(* Let $\mathcal{C}_1,\mathcal{C}_2$ be small categories. The functor $\mathrm{Corr}_{\mathrm{eq}}(\mathcal{C}_1,\mathcal{C}_2)\to\mathrm{Funct}(\mathcal{C}_1,\mathcal{C}_2)$, sending $\mathcal{C}_1\xleftarrow{F}\mathcal{C}_{12}\xrightarrow{G}\mathcal{C}_2$ to $G\circ F^{-1}$, is left adjoint to the functor $\mathrm{Graph}:\mathrm{Funct}(\mathcal{C}_1,\mathcal{C}_2)\to\mathrm{Corr}_{\mathrm{eq}}(\mathcal{C}_1,\mathcal{C}_2)$. The unit of the adjunction is given by the functor $\mathcal{C}_{12}\to\mathrm{Graph}_{GF^{-1}}$ that sends $c$ to $(F(c),G(c),\psi)$. Here $\psi:GF^{-1}F(c)\xrightarrow{\sim}G(c)$ comes from the isomorphism $F^{-1}F(c)\xrightarrow{\sim}c$.
   Context: $\mathrm{Cats}'$ is the naive 1-category of small categories, whose morphisms are functors on the nose. $\mathrm{Corr}(\mathcal{C}_1,\mathcal{C}_2)$ is the category of diagrams $\mathcal{C}_1\xleftarrow{F}\mathcal{C}_{12}\xrightarrow{G}\mathcal{C}_2$ in $\mathrm{Cats}'$. Its morphisms are functors $H$ between the middle terms with $F'H=F$, $G'H=G$ on the nose. $\mathrm{Corr}_{\mathrm{eq}}(\mathcal{C}_1,\mathcal{C}_2)$ is the full subcategory of those with $F$ an equivalence of categories. $F^{-1}$ denotes a quasi-inverse of $F$, so $G\circ F^{-1}$ is defined up to unique isomorphism. For a functor $\Phi:\mathcal{C}_1\to\mathcal{C}_2$, $\mathrm{Graph}_\Phi$ is the category of triples $(c_1,c_2,\psi)$ with $c_i\in\mathcal{C}_i$ and $\psi:\Phi(c_1)\xrightarrow{\sim}c_2$. $\mathrm{Graph}(\Phi)$ is the correspondence $\mathcal{C}_1\leftarrow\mathrm{Graph}_\Phi\to\mathcal{C}_2$ given by the projections. It lies in $\mathrm{Corr}_{\mathrm{eq}}$. *)

(* a small self-contained layer of 1-category theory.
   Equality of functors is Leibniz equality ("on the nose"); proof
   components are handled with proof irrelevance. *)
From Stdlib Require Import ProofIrrelevance.

Set Implicit Arguments.
Unset Strict Implicit.

Record Category := {
  Ob :> Type;
  Hom : Ob -> Ob -> Type;
  idm : forall a, Hom a a;
  comp : forall a b c, Hom b c -> Hom a b -> Hom a c;
  comp_id_l : forall a b (f : Hom a b), comp (idm b) f = f;
  comp_id_r : forall a b (f : Hom a b), comp f (idm a) = f;
  comp_assoc : forall a b c d (h : Hom c d) (g : Hom b c) (f : Hom a b),
      comp h (comp g f) = comp (comp h g) f
}.
Arguments Hom {C} a b : rename.
Arguments idm {C} a : rename.
Arguments comp {C a b c} g f : rename.

Definition is_iso (C : Category) (a b : C) (f : Hom a b) : Prop :=
  exists g : Hom b a, comp g f = idm a /\ comp f g = idm b.

Record Functor (C D : Category) := {
  fobj :> C -> D;
  fmap : forall a b, Hom a b -> Hom (fobj a) (fobj b);
  fmap_id : forall a, fmap (idm a) = idm (fobj a);
  fmap_comp : forall a b c (g : Hom b c) (f : Hom a b),
      fmap (comp g f) = comp (fmap g) (fmap f)
}.
Arguments fmap {C D} F {a b} f : rename.

Definition Fid (C : Category) : Functor C C :=
  {| fobj := fun a => a; fmap := fun a b f => f;
     fmap_id := fun a => eq_refl; fmap_comp := fun a b c g f => eq_refl |}.

Program Definition Fcomp (C D E : Category) (G : Functor D E) (F : Functor C D)
  : Functor C E :=
  {| fobj := fun a => G (F a); fmap := fun a b f => fmap G (fmap F f) |}.
Next Obligation. intros; simpl; rewrite !fmap_id; reflexivity. Qed.
Next Obligation. intros; simpl; rewrite !fmap_comp; reflexivity. Qed.

Record NatIso (C D : Category) (F G : Functor C D) := {
  iso_fwd : forall a, Hom (F a) (G a);
  iso_bwd : forall a, Hom (G a) (F a);
  iso_nat : forall a b (f : Hom a b),
      comp (fmap G f) (iso_fwd a) = comp (iso_fwd b) (fmap F f);
  iso_bwd_fwd : forall a, comp (iso_bwd a) (iso_fwd a) = idm (F a);
  iso_fwd_bwd : forall a, comp (iso_fwd a) (iso_bwd a) = idm (G a)
}.
Arguments iso_fwd {C D F G} n a : rename.
Arguments iso_bwd {C D F G} n a : rename.

Lemma iso_bwd_nat (C D : Category) (F G : Functor C D) (n : NatIso F G)
  a b (f : Hom a b) :
  comp (fmap F f) (iso_bwd n a) = comp (iso_bwd n b) (fmap G f).
Proof.
  rewrite <- (comp_id_l (comp (fmap F f) (iso_bwd n a))).
  rewrite <- (iso_bwd_fwd n b), <- comp_assoc, (comp_assoc (iso_fwd n b)).
  rewrite <- iso_nat, <- !comp_assoc, iso_fwd_bwd, comp_id_r. reflexivity.
Qed.

Record QuasiInverse (C D : Category) (F : Functor C D) := {
  qinv : Functor D C;
  qunit : NatIso (Fcomp qinv F) (Fid C);
  qcounit : NatIso (Fcomp F qinv) (Fid D)
}.

Definition IsEquivalence (C D : Category) (F : Functor C D) : Prop :=
  inhabited (QuasiInverse F).

Section Graph.
Context (C1 C2 : Category) (Phi : Functor C1 C2).

Record GraphOb := {
  g1 : C1;
  g2 : C2;
  gpsi : Hom (Phi g1) g2;
  gpsi_iso : is_iso gpsi
}.

Record GraphHom (x y : GraphOb) := {
  h1 : Hom (g1 x) (g1 y);
  h2 : Hom (g2 x) (g2 y);
  h_comm : comp (gpsi y) (fmap Phi h1) = comp h2 (gpsi x)
}.

Lemma GraphHom_eq (x y : GraphOb) (f g : GraphHom x y) :
  h1 f = h1 g -> h2 f = h2 g -> f = g.
Proof.
  destruct f as [f1 f2 fc], g as [g1' g2' gc]; simpl; intros -> ->.
  f_equal; apply proof_irrelevance.
Qed.

Program Definition Graph_id (x : GraphOb) : GraphHom x x :=
  {| h1 := idm (g1 x); h2 := idm (g2 x) |}.
Next Obligation. intros; simpl. rewrite fmap_id, comp_id_l, comp_id_r; reflexivity. Qed.

Program Definition Graph_comp (x y z : GraphOb) (g : GraphHom y z)
  (f : GraphHom x y) : GraphHom x z :=
  {| h1 := comp (h1 g) (h1 f); h2 := comp (h2 g) (h2 f) |}.
Next Obligation. intros; simpl.
  rewrite fmap_comp, comp_assoc, h_comm, <- comp_assoc, h_comm, comp_assoc.
  reflexivity.
Qed.

Program Definition GraphCat : Category :=
  {| Ob := GraphOb; Hom := GraphHom; idm := Graph_id; comp := Graph_comp |}.
Next Obligation. intros; simpl; apply GraphHom_eq; simpl; apply comp_id_l. Qed.
Next Obligation. intros; simpl; apply GraphHom_eq; simpl; apply comp_id_r. Qed.
Next Obligation. intros; simpl; apply GraphHom_eq; simpl; apply comp_assoc. Qed.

What you should do ▸
Among the records above, how many lines carry the string "GraphOb"? Reply with the number alone.

Written solution ▸
6